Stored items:
Lemma word_dist_spec (a b : G) : is_word_dist G T a b (word_dist G T a b).
Proof.
  unfold word_dist. apply epsilon_spec.
  destruct (HT (gmul G (ginv G a) b)) as [w0 [Hw0 Hp0]].
  destruct (nat_min_exists (fun d => exists w, word_in G T w /\
              wprod G w = gmul G (ginv G a) b /\ length w = d)) as [d [Hd Hmin]].
  { now exists (length w0), w0. }
  exists d. split; [exact Hd|]. intros w Hw Hp. apply Hmin. now exists w.
Qed.

Lemma word_dist_le (a b : G) (w : list G) :
  word_in G T w -> gmul G a (wprod G w) = b -> word_dist G T a b <= length w.
Proof.
  intros Hw Hp. apply (proj2 (word_dist_spec a b) w Hw). now rewrite <- Hp, ginv_mulK.
Qed.

Lemma word_dist_geodesic (a b : G) :
  exists w, word_in G T w /\ gmul G a (wprod G w) = b /\ length w = word_dist G T a b.
Proof.
  destruct (proj1 (word_dist_spec a b)) as [w [Hw [Hp Hl]]].
  exists w. now rewrite Hp, gmul_invK.
Qed.

Lemma word_dist_refl (a : G) : word_dist G T a a = 0.
Proof. apply Nat.le_0_r, (word_dist_le a a []); [constructor|apply gmul1r]. Qed.

Lemma word_dist_edge (a t : G) : In t T -> word_dist G T a (gmul G a t) <= 1.
Proof.
  intro Ht. apply (word_dist_le _ _ [t]); [now repeat constructor|]. simpl. now rewrite gmul1r.
Qed.

Lemma word_dist_triangle (a b c : G) :
  word_dist G T a c <= word_dist G T a b + word_dist G T b c.
Proof.
  destruct (word_dist_geodesic a b) as [u [Hu [Hpu Hlu]]].
  destruct (word_dist_geodesic b c) as [v [Hv [Hpv Hlv]]].
  rewrite <- Hlu, <- Hlv, <- length_app. apply word_dist_le.
  - now apply word_in_app.
  - now rewrite wprod_app, gmulA, Hpu.
Qed.

Lemma word_dist_sym (HTi : inv_closed G T) (a b : G) : word_dist G T a b = word_dist G T b a.
Proof.
  assert (Hle : forall a b, word_dist G T a b <= word_dist G T b a).
  { intros x y. destruct (word_dist_geodesic y x) as [w [Hw [Hp Hl]]].
    rewrite <- Hl, <- (length_map (ginv G) w), <- length_rev. apply word_dist_le.
    - now apply word_in_rev_inv.
    - now rewrite wprod_rev_inv, <- Hp, <- gmulA, gmulVr, gmul1r. }
  apply Nat.le_antisymm; apply Hle.
Qed.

• **Work instruction**
Would you tally the lines above holding "constructor" and reply with the total alone?

• **Finished exercise**
2